About this exercise:
From the entries below, copy exactly the lines from the one that contains "Lemma envelope_invariant D" through the one that contains "have invS : invmx", both included, and only those.

Given data:
(* If $D\subseteq\mathcal M^d$ is an nc-domain, then its envelope $D^\sim$ is an nc-domain.
   Context: $\mathcal M^d=\bigcup_n\mathcal M_n^d$. An nc-set is a subset of $\mathcal M^d$ closed under direct sums and unitary conjugation; an nc-domain is an nc-set $D$ with $D\cap\mathcal M_n^d$ open in $\mathcal M_n^d$ for each $n$. A set $B$ is invariant if $S^{-1}(B\cap\mathcal M_n^d)S\subseteq B$ for all $n$ and invertible $S\in\mathcal M_n$. The envelope $D^\sim$ is the smallest invariant nc-set containing $D$. *)

From HB Require Import structures.
From mathcomp Require Import all_boot all_order all_algebra.
From mathcomp Require Import complex.
From mathcomp Require Import reals.
Set Implicit Arguments. Unset Strict Implicit. Unset Printing Implicit Defensive.
Import Order.TTheory GRing.Theory Num.Theory.
Local Open Scope ring_scope.

(* A point of M^d = \bigcup_n M_n^d : a size n together with a d-tuple of
   n x n complex matrices. *)
Definition ncpt (R : realType) (d : nat) : Type :=
  {n : nat & 'I_d -> 'M[R[i]]_n}.

Definition ncpred (R : realType) (d : nat) := ncpt R d -> Prop.

Definition ncdsum (R : realType) (d n m : nat)
  (X : 'I_d -> 'M[R[i]]_n) (Y : 'I_d -> 'M[R[i]]_m) : 'I_d -> 'M[R[i]]_(n + m) :=
  fun k => block_mx (X k) 0 0 (Y k).

Definition adjmx (R : realType) (n : nat) (U : 'M[R[i]]_n) : 'M[R[i]]_n :=
  (map_mx Num.conj U)^T.

Definition unitary (R : realType) (n : nat) (U : 'M[R[i]]_n) : Prop :=
  adjmx U *m U = 1%:M /\ U *m adjmx U = 1%:M.

Definition ncsim (R : realType) (d n : nat) (S : 'M[R[i]]_n)
  (X : 'I_d -> 'M[R[i]]_n) : 'I_d -> 'M[R[i]]_n :=
  fun k => invmx S *m X k *m S.

Definition ncset (R : realType) (d : nat) (D : ncpred R d) : Prop :=
  (forall n m (X : 'I_d -> 'M[R[i]]_n) (Y : 'I_d -> 'M[R[i]]_m),
      D (existT _ n X) -> D (existT _ m Y) ->
      D (existT _ (n + m)%N (ncdsum X Y))) /\
  (forall n (X : 'I_d -> 'M[R[i]]_n) (U : 'M[R[i]]_n),
      unitary U -> D (existT _ n X) ->
      D (existT _ n (fun k => adjmx U *m X k *m U))).

(* D \cap M_n^d is open in M_n^d = (C^{n x n})^d, with its usual (Euclidean)
   topology, here described by the equivalent entrywise max-norm balls. *)
Definition level_open (R : realType) (d : nat) (D : ncpred R d) (n : nat) : Prop :=
  forall X : 'I_d -> 'M[R[i]]_n, D (existT _ n X) ->
    exists eps : R, 0 < eps /\
      forall Y : 'I_d -> 'M[R[i]]_n,
        (forall k i j, `|Y k i j - X k i j| < (eps%:C)%C) -> D (existT _ n Y).

Definition ncdomain (R : realType) (d : nat) (D : ncpred R d) : Prop :=
  ncset D /\ forall n, level_open D n.

Definition invariant (R : realType) (d : nat) (B : ncpred R d) : Prop :=
  forall n (X : 'I_d -> 'M[R[i]]_n) (S : 'M[R[i]]_n),
    S \in unitmx -> B (existT _ n X) -> B (existT _ n (ncsim S X)).

Definition envelope (R : realType) (d : nat) (D : ncpred R d) : ncpred R d :=
  fun P => forall B : ncpred R d,
    ncset B -> invariant B -> (forall Q, D Q -> B Q) -> B P.

(** A point of [D^~] is similar to a point of [D]: the similarity orbit of [D]
   is already an invariant nc-set containing [D], so it contains [D^~].  Given
   [Y = S^-1 X S] with [X] in [D], the map [Y' |-> S Y' S^-1] is continuous and
   sends [Y] to [X]; hence a small enough ball around [Y] is mapped into the
   ball around [X] contained in [D], and conjugating back by [S] shows that this
   ball around [Y] lies in [D^~]. *)
From Pilot Require Import Defs.
From mathcomp Require Import all_boot all_order all_algebra complex reals.
From Stdlib Require Import FunctionalExtensionality.
Set Implicit Arguments. Unset Strict Implicit. Unset Printing Implicit Defensive.
Import Order.TTheory GRing.Theory Num.Theory.
Local Open Scope ring_scope.

Definition mxnorm1 (F : numDomainType) m n (A : 'M[F]_(m, n)) : F :=
  \sum_i \sum_j `|A i j|.

Lemma mxnorm1_ge0 (F : numDomainType) m n (A : 'M[F]_(m, n)) : 0 <= mxnorm1 A.
Proof. by apply: sumr_ge0 => i _; apply: sumr_ge0. Qed.

Lemma norm_mxentry_le (F : numDomainType) m n (A : 'M[F]_(m, n)) i j :
  `|A i j| <= mxnorm1 A.
Proof.
rewrite /mxnorm1 (bigD1 i) //= (bigD1 j) //= -addrA lerDl.
by apply: addr_ge0; apply: sumr_ge0 => *; last apply: sumr_ge0.
Qed.

Lemma norm_mulmx3_le (F : numDomainType) n (S Z T : 'M[F]_n) (M e : F) :
  (forall i j, `|S i j| <= M) -> (forall i j, `|T i j| <= M) ->
  (forall i j, `|Z i j| <= e) ->
  forall i j, `|(S *m Z *m T) i j| <= n%:R * (n%:R * (M * e)) * M.
Proof.
move=> hS hT hZ i j.
have M0 : 0 <= M by apply: le_trans (hS i j).
have e0 : 0 <= e by apply: le_trans (hZ i j).
have hSZ b : `|(S *m Z) i b| <= n%:R * (M * e).
  rewrite mxE; apply: le_trans (ler_norm_sum _ _ _) _.
  apply: le_trans (ler_sum _ (G := fun _ => M * e) _) _.
    by move=> c _; rewrite normrM; apply: ler_pM.
  by rewrite sumr_const card_ord mulr_natl.
rewrite mxE; apply: le_trans (ler_norm_sum _ _ _) _.
apply: le_trans (ler_sum _ (G := fun _ => n%:R * (M * e) * M) _) _.
  by move=> b _; rewrite normrM; apply: ler_pM.
by rewrite sumr_const card_ord -[_ *+ n]mulr_natl !mulrA.
Qed.

Lemma mulmx3_continuous_at0 (R : realType) n (S T : 'M[R[i]]_n) (eps : R) :
  0 < eps -> exists2 delta : R, 0 < delta &
    forall Z : 'M_n, (forall i j, `|Z i j| < delta%:C%C) ->
      forall i j, `|(S *m Z *m T) i j| < eps%:C%C.
Proof.
move=> eps0.
pose M := mxnorm1 S + mxnorm1 T.
have M0 : 0 <= M by rewrite addr_ge0 ?mxnorm1_ge0.
have hS i j : `|S i j| <= M by rewrite ler_wpDr ?mxnorm1_ge0 ?norm_mxentry_le.
have hT i j : `|T i j| <= M by rewrite ler_wpDl ?mxnorm1_ge0 ?norm_mxentry_le.
pose K := 1 + n%:R * (n%:R * M) * M.
have K0 : 0 < K by rewrite ltr_pwDl // !mulr_ge0.
have KE : K = (complex.Re K)%:C%C by rewrite RRe_real // gtr0_real.
have Kr0 : 0 < complex.Re K by rewrite -ltcR -KE.
exists (eps / complex.Re K); first exact: divr_gt0.
move=> Z hZ i j; set e := (eps / complex.Re K)%:C%C.
have e0 : 0 < e by rewrite ltcR divr_gt0.
apply: le_lt_trans (norm_mulmx3_le hS hT (fun a b => ltW (hZ a b)) i j) _.
have -> : eps%:C%C = K * e.
  by rewrite [in RHS]KE -rmorphM mulrCA mulfV ?mulr1 // gt_eqF.
have -> : n%:R * (n%:R * (M * e)) * M = n%:R * (n%:R * M) * M * e.
  by rewrite !mulrA mulrAC.
by rewrite mulrDl mul1r ltrDr.
Qed.

Section Envelope.
Variables (R : realType) (d : nat).
Implicit Types (D : ncpred R d) (n : nat).

(** [T] plays the role of [S^-1]; carrying it explicitly avoids computing
   inverses of block matrices in the direct-sum case. *)
Definition simorbit D : ncpred R d :=
  fun P => let: existT n Y := P in
    exists (X : 'I_d -> 'M[R[i]]_n) (S T : 'M[R[i]]_n),
      [/\ D (existT _ n X), S *m T = 1%:M, T *m S = 1%:M &
          Y = fun k => T *m X k *m S].

Lemma sub_simorbit D P : D P -> simorbit D P.
Proof.
case: P => n X DX; exists X, 1%:M, 1%:M; split; rewrite ?mulmx1 //.
by apply: functional_extensionality => k; rewrite mul1mx mulmx1.
Qed.

Lemma simorbit_ncset D : ncset D -> ncset (simorbit D).
Proof.
case=> Dsum Dunit; split.
- move=> n m _ _ [X [S1 [T1 [DX ST1 TS1 ->]]]] [Y [S2 [T2 [DY ST2 TS2 ->]]]].
  exists (ncdsum X Y), (block_mx S1 0 0 S2), (block_mx T1 0 0 T2).
  rewrite !mulmx_block !mulmx0 !mul0mx !addr0 !add0r ST1 ST2 TS1 TS2.
  split; rewrite ?scalar_mx_block //; first exact: Dsum.
  apply: functional_extensionality => k.
  by rewrite /ncdsum !mulmx_block !(mulmx0, mul0mx, addr0, add0r).
- move=> n _ U [UU1 UU2] [X [S [T [DX ST TS ->]]]].
  exists X, (S *m U), (adjmx U *m T); split => //.
  + by rewrite mulmxA -(mulmxA S) UU2 mulmx1.
  + by rewrite mulmxA -(mulmxA _ T) TS mulmx1.
  + by apply: functional_extensionality => k; rewrite !mulmxA.
Qed.

Lemma simorbit_invariant D : Defs.invariant (simorbit D).
Proof.
move=> n _ S0 S0unit [X [S [T [DX ST TS ->]]]].
exists X, (S *m S0), (invmx S0 *m T); split => //.
- by rewrite mulmxA -(mulmxA S) (mulmxV S0unit) mulmx1.
- by rewrite mulmxA -(mulmxA _ T) TS mulmx1 (mulVmx S0unit).
- by apply: functional_extensionality => k; rewrite /ncsim !mulmxA.
Qed.

Lemma envelope_ncset D : ncset (envelope D).
Proof.
split=> [n m X Y DX DY | n X U U_unitary DX] B Bset Binv DB.
- exact: Bset.1 (DX B Bset Binv DB) (DY B Bset Binv DB).
- exact: Bset.2 _ _ _ U_unitary (DX B Bset Binv DB).
Qed.

Lemma envelope_invariant D : Defs.invariant (envelope D).
Proof. by move=> n X S Sunit DX B Bset Binv DB; apply: Binv (DX B Bset Binv DB). Qed.

Lemma sub_envelope D P : D P -> envelope D P.
Proof. by move=> DP B _ _; apply. Qed.

Lemma envelope_sub_simorbit D P : ncset D -> envelope D P -> simorbit D P.
Proof.
move=> Dset DP.
exact: DP _ (simorbit_ncset Dset) (@simorbit_invariant D) (@sub_simorbit D).
Qed.

Lemma envelope_level_open D n : ncset D -> level_open D n -> level_open (envelope D) n.
Proof.
move=> Dset Dopen _ /(envelope_sub_simorbit Dset) [X [S [T [DX ST TS ->]]]].
have [eps [eps0 ballD]] := Dopen X DX.
have [delta delta0 Hdelta] := mulmx3_continuous_at0 S T eps0.
exists delta; split=> // Y HY.
pose X' k := S *m Y k *m T.
have DX' : D (existT _ n X').
  apply: ballD => k i j.
  have -> : X' k i j - X k i j = (S *m (Y k - T *m X k *m S) *m T) i j.
    rewrite mulmxBr mulmxBl !mulmxA ST mul1mx -!mulmxA ST mulmx1.
    by rewrite /X' -mulmxA !mxE.
  by apply: Hdelta => a b; have := HY k a b; rewrite !mxE.
have Sunit : S \in unitmx := (mulmx1_unit ST).1.
have invS : invmx S = T by rewrite -[T]mul1mx -(mulVmx Sunit) -mulmxA ST mulmx1.
have := envelope_invariant Sunit (sub_envelope DX').
congr (envelope D (existT _ n _)); apply: functional_extensionality => k.
by rewrite /ncsim /X' invS !mulmxA TS mul1mx -mulmxA TS mulmx1.
Qed.

End Envelope.

Theorem proposition3p6 (R : realType) (d : nat) (D : ncpred R d) :
  ncdomain D -> ncdomain (envelope D).
Proof.
case=> Dset Dopen; split; first exact: envelope_ncset.
by move=> n; apply: envelope_level_open.
Qed.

Answer:
Lemma envelope_invariant D : Defs.invariant (envelope D).
Proof. by move=> n X S Sunit DX B Bset Binv DB; apply: Binv (DX B Bset Binv DB). Qed.

Lemma sub_envelope D P : D P -> envelope D P.
Proof. by move=> DP B _ _; apply. Qed.

Lemma envelope_sub_simorbit D P : ncset D -> envelope D P -> simorbit D P.
Proof.
move=> Dset DP.
exact: DP _ (simorbit_ncset Dset) (@simorbit_invariant D) (@sub_simorbit D).
Qed.

Lemma envelope_level_open D n : ncset D -> level_open D n -> level_open (envelope D) n.
Proof.
move=> Dset Dopen _ /(envelope_sub_simorbit Dset) [X [S [T [DX ST TS ->]]]].
have [eps [eps0 ballD]] := Dopen X DX.
have [delta delta0 Hdelta] := mulmx3_continuous_at0 S T eps0.
exists delta; split=> // Y HY.
pose X' k := S *m Y k *m T.
have DX' : D (existT _ n X').
  apply: ballD => k i j.
  have -> : X' k i j - X k i j = (S *m (Y k - T *m X k *m S) *m T) i j.
    rewrite mulmxBr mulmxBl !mulmxA ST mul1mx -!mulmxA ST mulmx1.
    by rewrite /X' -mulmxA !mxE.
  by apply: Hdelta => a b; have := HY k a b; rewrite !mxE.
have Sunit : S \in unitmx := (mulmx1_unit ST).1.
have invS : invmx S = T by rewrite -[T]mul1mx -(mulVmx Sunit) -mulmxA ST mulmx1.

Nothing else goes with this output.